Wolves and foxes generally don’t compete for prey, according to wildlife biologist Mark Romanski, a natural resources program manager at the national park and a coauthor of the study.

Wolves are the apex predators on Isle Royale and usually don’t kill foxes, especially when food for both species is abundant, the study said.

Isle Royale wolves feed primarily on moose and beaver. The diet of red foxes includes small mammals, fruit and birds, although they do scavenge on wolf-killed carcasses.

“Food scarcity for wolves following translocation seems unlikely, given that moose and American beaver densities were at or near the highest recorded,” the study said.

Nobody knows the actual reason for the rare attack.

“This wolf spent six days at the den site and invested a non-trivial amount of energy excavating the den and killing the kits,” they wrote.

As for why it did so, the scientists offered this theory: Its recent translocation, single status of not belonging to a pack, limited knowledge of local food resources and the risk of injury from attacking adult moose could have created “pseudo-food limitation effects.”

The researchers found the attack site by using the wolf’s GPS tracker.

They discovered proof that the wolf attacked the two partially eaten carcasses.

The intact carcass of the third kit had multiple puncture wounds in its abdomen that were “consistent with a large carnivore” but couldn’t be definitively blamed on the wolf, they said.

The study said the wolf may have partially consumed two of the kits, and scavengers could have further eaten the carcasses.

Given that most red fox litters have three to six kits, the wolf may have eaten others, it said, although adults sometimes split their litters between two dens.

American martens, crows and European pine marten feed on red fox kits, but those species wouldn’t have been able to excavate the hollowed tree trunk to reach the den or to create the large puncture wounds found on the carcasses, according to the study.

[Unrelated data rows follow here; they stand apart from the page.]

(* Let $\Omega\subseteq\mathbb{R}^3$ be open and $R\in C^2(\Omega;SO(3))$ with $\operatorname{curl}R=\alpha$ for some constant matrix $\alpha\in\mathbb{R}^{3\times3}$. Then: (i) $\operatorname{div}R_i=\varepsilon_{ijk}\,\alpha_j\cdot R_k$ for $i\in\{1,2,3\}$; (ii) $\Delta R_i=\varepsilon_{ijk}\nabla(\alpha_j\cdot R_k)$ for $i\in\{1,2,3\}$; (iii) $|\nabla R|^2=-\mathrm{tr}(R^T\alpha R^T\alpha)$; (iv) $\mathrm{tr}(R^T\alpha R^T\alpha)=|(R^T\alpha)_{sym}|^2-|(R^T\alpha)_{skew}|^2$; (v) if $R(x_0)=Id$ for some $x_0\in\Omega$, then $|\operatorname{div}(R)(x_0)|^2=2|\alpha_{skew}|^2$; (vi) $\sum_{i=1}^3|(\nabla R_i)_{sym}|^2\ge\frac13|\operatorname{div}(R)|^2$; (vii) $\sum_{i=1}^3|(\nabla R_i)_{skew}|^2=\frac12|\alpha|^2$. All identities hold pointwise in $\Omega$.
   Context: Einstein summation convention is used; $\varepsilon_{ijk}$ is the sign of the permutation $(ijk)$. For a matrix $A$, $A_i$ denotes its $i$-th row. $\operatorname{curl}$ of a matrix field is taken row-wise: $(\operatorname{curl}R)_{ij}=\varepsilon_{jkl}\partial_kR_{il}$, so $\alpha_j$ is the $j$-th row of $\alpha$. $\operatorname{div}R_i=\sum_l\partial_lR_{il}$ and $\operatorname{div}(R)$ is the vector $(\operatorname{div}R_1,\operatorname{div}R_2,\operatorname{div}R_3)$. $\nabla R_i$ is the $3\times3$ gradient matrix of the row $R_i$, and $|\nabla R|^2=\sum_{k,l,m}(\partial_mR_{kl})^2$. $A_{sym}=\frac12(A+A^T)$, $A_{skew}=\frac12(A-A^T)$, $|A|^2=A:A=\mathrm{tr}(A^TA)$. *)

From HB Require Import structures.
From mathcomp Require Import all_boot all_order all_algebra.
From mathcomp Require Import all_classical all_reals all_analysis.
Set Implicit Arguments. Unset Strict Implicit. Unset Printing Implicit Defensive.
Import Order.TTheory GRing.Theory Num.Theory.
Import numFieldNormedType.Exports.
Local Open Scope classical_set_scope.
Local Open Scope ring_scope.
(* Let $T$ be a left regular pre-truss and $\mathrm{Q}(T)$ its pre-truss of left fractions. (1) If the heap of $T$ is Abelian, then so is the heap of $\mathrm{Q}(T)$. (2) If $T$ is a near-truss, then $\mathrm{Q}(T)$ is a near-truss. (3) If $T$ is a skew truss, then $\mathrm{Q}(T)$ is a skew truss.
   Context: A heap is a set with a ternary operation $[-,-,-]$ satisfying $[a_1,a_2,[a_3,a_4,a_5]]=[[a_1,a_2,a_3],a_4,a_5]$ and $[a,a,b]=b=[b,a,a]$; it is Abelian if $[a,b,c]=[c,b,a]$. A pre-truss is a heap with an associative multiplication; a near-truss satisfies $a[b,c,d]=[ab,ac,ad]$; a skew truss is a near-truss also satisfying $[b,c,d]a=[ba,ca,da]$. An absorber is $z$ with $tz=z=zt$ for all $t$; $T^{\mathrm{Abs}}$ is $T$ minus its (unique) absorber, or $T$ if none. $T$ is a domain if for every $a\in T^{\mathrm{Abs}}$ and $b\neq c$, $ab\neq ac$ and $ba\neq ca$; it is left regular if it is a domain and for all $x,y\in T^{\mathrm{Abs}}$ there exist $r,s\in T^{\mathrm{Abs}}$ with $rx=sy$. $\mathrm{Q}(T)$ is the set of classes $\frac{a}{b}$ of $(b,a)\in T^{\mathrm{Abs}}\times T$ under $(b,a)\sim(b',a')$ iff $\beta b=\beta'b'$, $\beta a=\beta'a'$ for some $\beta,\beta'\in T^{\mathrm{Abs}}$, with heap operation $\left[\frac{a}{b},\frac{a'}{b'},\frac{a''}{b''}\right]=\frac{[\beta_1a,\beta_2a',\beta_3a'']}{\beta_1b}$ for $\beta_i\in T^{\mathrm{Abs}}$ with $\beta_1b=\beta_2b'=\beta_3b''$, and multiplication $\frac{a}{b}\cdot\frac{a'}{b'}=\frac{\gamma a'}{\gamma'b}$ for $\gamma,\gamma'\in T^{\mathrm{Abs}}$ with $\gamma b'=\gamma'a$; this is a well-defined pre-truss. *)

Set Implicit Arguments.

Section Trusses.
Variable T : Type.
Variable h : T -> T -> T -> T.
Variable m : T -> T -> T.

Definition is_heap : Prop :=
  (forall a1 a2 a3 a4 a5, h a1 a2 (h a3 a4 a5) = h (h a1 a2 a3) a4 a5) /\
  (forall a b, h a a b = b /\ h b a a = b).

Definition heap_abelian : Prop := forall a b c, h a b c = h c b a.

Definition is_pretruss : Prop :=
  is_heap /\ (forall a b c, m a (m b c) = m (m a b) c).

Definition left_distrib : Prop :=
  forall a b c d, m a (h b c d) = h (m a b) (m a c) (m a d).

Definition right_distrib : Prop :=
  forall a b c d, m (h b c d) a = h (m b a) (m c a) (m d a).

Definition is_near_truss : Prop := is_pretruss /\ left_distrib.
Definition is_skew_truss : Prop := is_near_truss /\ right_distrib.

Definition is_absorber (z : T) : Prop := forall t, m t z = z /\ m z t = z.
Definition inTAbs (a : T) : Prop := ~ is_absorber a.

Definition is_domain : Prop :=
  forall a b c, inTAbs a -> b <> c -> m a b <> m a c /\ m b a <> m c a.

Definition left_regular : Prop :=
  is_domain /\
  forall x y, inTAbs x -> inTAbs y ->
    exists r s, inTAbs r /\ inTAbs s /\ m r x = m s y.

(* A pair (b, a) represents the fraction a/b; it is admissible iff b ∈ T^Abs. *)
Definition qrel (p p' : T * T) : Prop :=
  let (b, a) := p in let (b', a') := p' in
  inTAbs b /\ inTAbs b' /\
  exists beta beta', inTAbs beta /\ inTAbs beta' /\
    m beta b = m beta' b' /\ m beta a = m beta' a'.

(* Elements of Q(T) are the equivalence classes, viewed as predicates on pairs. *)
Definition is_qclass (X : T * T -> Prop) : Prop :=
  exists p, inTAbs (fst p) /\ X = qrel p.

(* Heap operation on classes, computed from representatives and any
   admissible choice of the beta_i (well-definedness is part of the theory). *)
Definition Qheap (X Y Z : T * T -> Prop) : T * T -> Prop :=
  fun q => exists b1 a1 b2 a2 b3 a3 be1 be2 be3,
    X (b1, a1) /\ Y (b2, a2) /\ Z (b3, a3) /\
    inTAbs be1 /\ inTAbs be2 /\ inTAbs be3 /\
    m be1 b1 = m be2 b2 /\ m be2 b2 = m be3 b3 /\
    qrel (m be1 b1, h (m be1 a1) (m be2 a2) (m be3 a3)) q.

(* Multiplication on classes: (a/b)(a'/b') = (γ a')/(γ' b) with γ b' = γ' a,
   γ, γ' ∈ T^Abs.  When a is the absorber, a/b is the absorber class and the
   product is the absorber class. *)
Definition Qmul (X Y : T * T -> Prop) : T * T -> Prop :=
  fun q => exists b a b' a',
    X (b, a) /\ Y (b', a') /\
    ((exists g g', inTAbs g /\ inTAbs g' /\ m g b' = m g' a /\
                   qrel (m g' b, m g a') q)
     \/ (is_absorber a /\ qrel (b, a) q)).

Definition Q_heap_abelian : Prop :=
  forall X Y Z, is_qclass X -> is_qclass Y -> is_qclass Z ->
    Qheap X Y Z = Qheap Z Y X.

Definition Q_left_distrib : Prop :=
  forall A X Y Z, is_qclass A -> is_qclass X -> is_qclass Y -> is_qclass Z ->
    Qmul A (Qheap X Y Z) = Qheap (Qmul A X) (Qmul A Y) (Qmul A Z).

Definition Q_right_distrib : Prop :=
  forall A X Y Z, is_qclass A -> is_qclass X -> is_qclass Y -> is_qclass Z ->
    Qmul (Qheap X Y Z) A = Qheap (Qmul X A) (Qmul Y A) (Qmul Z A).

Definition Q_is_heap : Prop :=
  (forall X1 X2 X3 X4 X5, is_qclass X1 -> is_qclass X2 -> is_qclass X3 ->
     is_qclass X4 -> is_qclass X5 ->
     Qheap X1 X2 (Qheap X3 X4 X5) = Qheap (Qheap X1 X2 X3) X4 X5) /\
  (forall X Y, is_qclass X -> is_qclass Y -> Qheap X X Y = Y /\ Qheap Y X X = Y).

Definition Q_is_pretruss : Prop :=
  Q_is_heap /\
  (forall X Y Z, is_qclass X -> is_qclass Y -> is_qclass Z ->
     Qmul X (Qmul Y Z) = Qmul (Qmul X Y) Z).

Definition Q_is_near_truss : Prop := Q_is_pretruss /\ Q_left_distrib.
Definition Q_is_skew_truss : Prop := Q_is_near_truss /\ Q_right_distrib.

End Trusses.

(* Cancellation in a domain and the left Ore condition make the relation on
   fractions transitive, let finitely many fractions be brought to a common
   denominator, and make the product (a/b)(a'/b') = (g a')/(g' b), where
   g b' = g' a, independent of the representatives and of the Ore witnesses.
   Over a common denominator d, left distributivity gives
   [x1/d, x2/d, x3/d] = [x1,x2,x3]/d, so the heap identities and left
   distributivity pass from T to Q(T).  For right distributivity a single e
   with g_i b = e x_i serves all three numerators, and right distributivity of
   T makes [g1,g2,g3] a witness for [x1,x2,x3].  The Abelian case is formal:
   the heap of Q(T) is defined symmetrically. *)

From Stdlib Require Import Classical FunctionalExtensionality PropExtensionality List.
Set Implicit Arguments.

Lemma Q_heap_abelian_of_abelian (T : Type) (h : T -> T -> T -> T) (m : T -> T -> T) :
  heap_abelian h -> Q_heap_abelian h m.
Proof.
  intros Hab X Y Z _ _ _. extensionality q. apply propositional_extensionality.
  split; intros (b1 & a1 & b2 & a2 & b3 & a3 & e1 & e2 & e3 &
                 X1 & Y2 & Z3 & He1 & He2 & He3 & E12 & E23 & Hq);
    exists b3, a3, b2, a2, b1, a1, e3, e2, e1;
    do 6 (split; [assumption|]); do 2 (split; [symmetry; assumption|]);
    rewrite <- E23, <- E12, Hab; exact Hq.
Qed.
Lemma hall_condition_surplus (X Y : {set T}) x0 y0 :
    x0 \in X ->
    (forall S : {set T}, S \subset X -> S != set0 -> S != X -> #|S| < #|nbhd S :&: Y|) ->
  hall_condition (X :\ x0) (Y :\ y0).
Proof.
move=> x0X surplus S sSX.
have [->|S0] := eqVneq S set0; first by rewrite cards0.
have x0S : x0 \notin S by apply/negP=> /(subsetP sSX); rewrite setD11.
have SX : S != X by apply: contraNneq x0S => ->.
have sSX' : S \subset X by apply: subset_trans sSX (subsetDl _ _).
have sub : nbhd S :&: Y \subset y0 |: nbhd S :&: (Y :\ y0).
  by apply/subsetP=> y; rewrite !inE; case: eqP.
have := leq_trans (surplus S sSX' S0 SX) (subset_leq_card sub).
by rewrite cardsU1; have := leq_b1 (y0 \notin nbhd S :&: (Y :\ y0)); lia.
Qed.

Lemma hall_marriage (X Y : {set T}) : hall_condition X Y -> exists f, matching_into X Y f.
Proof.
move: {2}#|X|.+1 (ltnSn #|X|) => n; elim: n X Y => // n IH X Y ltXn hallXY.
have [->|/set0Pn[x0 x0X]] := eqVneq X set0; first by exists id; split=> x; rewrite inE.
have IHsub (X' Y' : {set T}) :
    X' \proper X -> hall_condition X' Y' -> exists f, matching_into X' Y' f.
  by move=> /proper_card ltX'X; apply: IH; apply: leq_trans ltX'X _.
have [S0 /and4P[sS0X S0n0 S0nX critS0]|] :=
  pickP [pred S0 : {set T} |
    [&& S0 \subset X, S0 != set0, S0 != X & #|nbhd S0 :&: Y| <= #|S0|]].
  have [f1 [f1P f1I]] : exists f, matching_into S0 Y f.
    apply: IHsub; first by rewrite properEneq S0nX.
    by move=> S sSS0; apply: hallXY (subset_trans sSS0 sS0X).
  have [f2 f2M] : exists f, matching_into (X :\: S0) (Y :\: (nbhd S0 :&: Y)) f.
    apply: IHsub; last exact: hall_condition_critical.
    rewrite properEneq subsetDl andbT; apply: contraNneq S0n0.
    by move=> /setDidPl/disjoint_setI0; rewrite (setIidPr sS0X) => ->.
  exists (fun x => if x \in S0 then f1 x else f2 x).
  apply: matching_into_glue f2M; first exact: subsetIr.
  split=> [x xS0|//]; have [f1Y rf1] := f1P x xS0.
  by rewrite in_setI f1Y andbT; split=> //; apply/nbhdP; exists x.
move=> noncrit.
have surplus (S : {set T}) :
    S \subset X -> S != set0 -> S != X -> #|S| < #|nbhd S :&: Y|.
  by move=> sSX Sn0 SnX; have := noncrit S; rewrite /= sSX Sn0 SnX /= ltnNge => ->.
have : 0 < #|nbhd [set x0] :&: Y| by apply: leq_trans (hallXY _ _); rewrite ?cards1 ?sub1set.
rewrite card_gt0 => /set0Pn[y0 /setIP[]]; rewrite nbhd1 inE => rx0y0 y0Y.
have [f2 f2M] : exists f, matching_into (X :\ x0) (Y :\ y0) f.
  apply: IHsub; last exact: hall_condition_surplus.
  by rewrite properD1.
exists (fun x => if x \in [set x0] then y0 else f2 x).
apply: matching_into_glue f2M; first by rewrite sub1set.
by split=> [x /set1P ->|x x' /set1P -> /set1P ->]; rewrite ?set11.
Qed.

End HallMarriage.

Section Ends.
Variables (V E : finType) (eu ev : E -> V).

Definition ends (e : E) (x y : V) :=
  ((eu e == x) && (ev e == y)) || ((ev e == x) && (eu e == y)).

Lemma ends_sym e x y : ends e x y = ends e y x.
Proof. by rewrite /ends orbC andbC [(ev e == y) && _]andbC. Qed.

Lemma adjP x y : reflect (exists e, ends e x y) (adj eu ev x y).
Proof. exact: existsP. Qed.

Lemma adj_sym x y : adj eu ev x y = adj eu ev y x.
Proof. by apply/adjP/adjP=> -[e]; exists e; rewrite ends_sym. Qed.

Definition edges_at x := [set e | inc eu ev e x].

Lemma card_edges_at x : cubic eu ev -> #|edges_at x| = 3.
Proof. by move/(_ x) <-; apply: eq_card => e; rewrite !inE. Qed.

End Ends.

Lemma mg_iso_of_cancel (V E V' E' : finType) (eu ev : E -> V) (eu' ev' : E' -> V')
    (gV : V' -> V) (fV : V -> V') (gE : E' -> E) (fE : E -> E') :
    cancel gV fV -> cancel gE fE -> #|V| = #|V'| -> #|E| = #|E'| ->
    (forall i, ends eu ev (gE i) (gV (eu' i)) (gV (ev' i))) ->
  mg_iso eu ev eu' ev'.
Proof.
move=> gVK gEK cardV cardE gE_ends.
have fVK : cancel fV gV.
  by apply/(bij_can_sym (inj_card_bij (can_inj gVK) _)); rewrite ?cardV.
have fEK : cancel fE gE.
  by apply/(bij_can_sym (inj_card_bij (can_inj gEK) _)); rewrite ?cardE.
exists fV, fE; split; [by exists gV | by exists gE |].
move=> e; rewrite -[e]fEK; move: (fE e) => i; rewrite gEK.
by rewrite !(eq_sym _ (fV _)) !(can2_eq fVK gVK); apply: gE_ends.
Qed.

Section Bipartite.
Variables (V E : finType) (eu ev : E -> V) (A : {set V}).
Hypothesis bipA : bipartite_with eu ev A.
Local Notation degF := (degF eu ev).
Local Notation inc := (inc eu ev).
Local Notation adj := (adj eu ev).
Local Notation ends := (ends eu ev).

Definition endA e := if eu e \in A then eu e else ev e.
Definition endB e := if eu e \in A then ev e else eu e.

Lemma endA_in e : endA e \in A.
Proof. by rewrite /endA; case: ifP => // euA; have := bipA e; rewrite euA; case: (ev e \in A). Qed.

Lemma endB_notin e : endB e \notin A.
Proof. by rewrite /endB; case: ifP => // euA; have := bipA e; rewrite euA; case: (ev e \in A). Qed.

Lemma ends_endAB e : ends e (endA e) (endB e).
Proof. by rewrite /ends /endA /endB; case: ifP; rewrite !eqxx ?orbT. Qed.

Lemma incE e x : inc e x = (endA e == x) || (endB e == x).
Proof. by rewrite /Defs.inc /endA /endB; case: ifP => // _; rewrite orbC. Qed.

Lemma inc_endA e x : x \in A -> inc e x = (endA e == x).
Proof.
move=> xA; rewrite incE; case: (eqVneq (endB e) x) => [eBx|]; last by rewrite orbF.
by move: (endB_notin e); rewrite eBx xA.
Qed.

Lemma inc_endB e x : x \notin A -> inc e x = (endB e == x).
Proof.
move=> xB; rewrite incE; case: (eqVneq (endA e) x) => [eAx|] //.
by move: (endA_in e); rewrite eAx (negbTE xB).
Qed.

Lemma adj_sides x y : adj x y -> (x \in A) != (y \in A).
Proof. by case/adjP=> e /orP[]/andP[/eqP <- /eqP <-]; rewrite ?bipA // eq_sym bipA. Qed.

Lemma nbr_notin x : x \in A -> [set y | adj x y] \subset ~: A.
Proof.
by move=> xA; apply/subsetP=> y; rewrite !inE => /adj_sides; rewrite xA; case: (y \in A).
Qed.

Lemma nbr_in y : y \notin A -> [set x | adj y x] \subset A.
Proof.
by move=> yB; apply/subsetP=> x; rewrite inE => /adj_sides; rewrite (negbTE yB); case: (x \in A).
Qed.

Lemma adj_endAB x y : x \in A -> adj x y = [exists e, (endA e == x) && (endB e == y)].
Proof.
move=> xA; apply/adjP/existsP => -[e]; last first.
  by move=> /andP[/eqP <- /eqP <-]; exists e; apply: ends_endAB.
rewrite /ends /endA /endB; case/orP=> /andP[/eqP e1 /eqP e2]; exists e.
  by rewrite e1 e2 xA !eqxx.
by move: (bipA e); rewrite e1 e2 xA; case: (y \in A) => // _; rewrite !eqxx.
Qed.

Lemma card_edges_endA (F : {set E}) (S : {set V}) : S \subset A ->
  #|[set e in F | endA e \in S]| = \sum_(x in S) degF F x.
Proof.
move=> SA; rewrite -sum1dep_card (partition_big endA (mem S)) /=; last by move=> e /andP[].
apply: eq_bigr => x xS; rewrite /Defs.degF -sum1dep_card; apply: eq_bigl => e.
by rewrite inc_endA ?(subsetP SA) //; case: eqP => [->|]; rewrite ?xS ?andbT ?andbF.
Qed.

Lemma card_edges_endB (F : {set E}) (S : {set V}) : S \subset ~: A ->
  #|[set e in F | endB e \in S]| = \sum_(x in S) degF F x.
Proof.
move=> SB; rewrite -sum1dep_card (partition_big endB (mem S)) /=; last by move=> e /andP[].
apply: eq_bigr => x xS; have := subsetP SB x xS; rewrite inE => xB.
rewrite /Defs.degF -sum1dep_card; apply: eq_bigl => e.
by rewrite inc_endB //; case: eqP => [->|]; rewrite ?xS ?andbT ?andbF.
Qed.

Section PerfectMatching.
Variable M : {set E}.
Hypothesis pmM : perfect_matching eu ev M.

Lemma pm_card_endA (S : {set V}) : S \subset A -> #|[set e in M | endA e \in S]| = #|S|.
Proof. by move=> SA; rewrite card_edges_endA // (eq_bigr (fun _ => 1)) ?sum1_card. Qed.

Lemma pm_card_endB (S : {set V}) : S \subset ~: A -> #|[set e in M | endB e \in S]| = #|S|.
Proof. by move=> SB; rewrite card_edges_endB // (eq_bigr (fun _ => 1)) ?sum1_card. Qed.

Lemma pm_balanced : #|~: A| = #|A|.
Proof.
rewrite -(pm_card_endA (subxx A)) -(pm_card_endB (subxx (~: A))); apply: eq_card => e.
by rewrite !inE endA_in endB_notin.
Qed.

End PerfectMatching.

Lemma cut_endAB (X : {set V}) e : (e \in cut eu ev X) = ((endA e \in X) != (endB e \in X)).
Proof. by rewrite inE /endA /endB; case: ifP => _ //; rewrite eq_sym. Qed.

Lemma tight_cut_deficient (S T : {set V}) : S \subset A -> T \subset ~: A ->
  nbhd adj S \subset T -> #|T| = #|S|.+1 -> tight eu ev (cut eu ev (S :|: T)).
Proof.
move=> SA TB sNT cardT M pmM.
set MS := [set e in M | endA e \in S]; set MT := [set e in M | endB e \in T].
have sMS_MT : MS \subset MT.
  apply/subsetP=> e; rewrite !inE => /andP[-> eS]; apply: (subsetP sNT); apply/nbhdP.
  by exists (endA e) => //; apply/adjP; exists e; apply: ends_endAB.
have -> : cut eu ev (S :|: T) :&: M = MT :\: MS.
  apply/setP=> e; rewrite in_setI cut_endAB !in_setU.
  have -> : endA e \in T = false by apply/negbTE/negP=> /(subsetP TB); rewrite inE endA_in.
  have -> : endB e \in S = false by apply/negbTE/negP=> /(subsetP SA); apply/negP/endB_notin.
  move: (subsetP sMS_MT e); rewrite !inE /= !orbF => /implyP.
  by case: (e \in M); case: (endA e \in S); case: (endB e \in T).
by rewrite cardsD (setIidPr sMS_MT) pm_card_endA // pm_card_endB // cardT subSnn.
Qed.

Lemma nbhd_notin (S : {set V}) : S \subset A -> nbhd adj S \subset ~: A.
Proof.
move=> SA; apply/subsetP=> y /nbhdP[x /(subsetP SA) xA adjxy].
by apply: (subsetP (nbr_notin xA)); rewrite inE.
Qed.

Nineteen wolves, including 016M, were transplanted to the island from Ontario and Minnesota between September 2018 and September 2019. Isle Royale’s wolf population has grown since then to the upper 20s, not counting those born this spring, Romanski said.

The ultimate goal of the GPS tracking and related research is “to understand the ecosystem services” that wolves – the transplanted ones and their offspring – play on Isle Royale, he said.

Documenting such uncommon killings hel scientists understand the effects when a dominant competitor is reintroduced into an ecosystem, the study said.

“We hoped they would kill moose,” he said, referring to the proliferation of moose that had been devastating Isle Royale’s plant life as the number of wolves plummeted.

And, as hoped for, they have been successfully killing both moose and beaver, he said.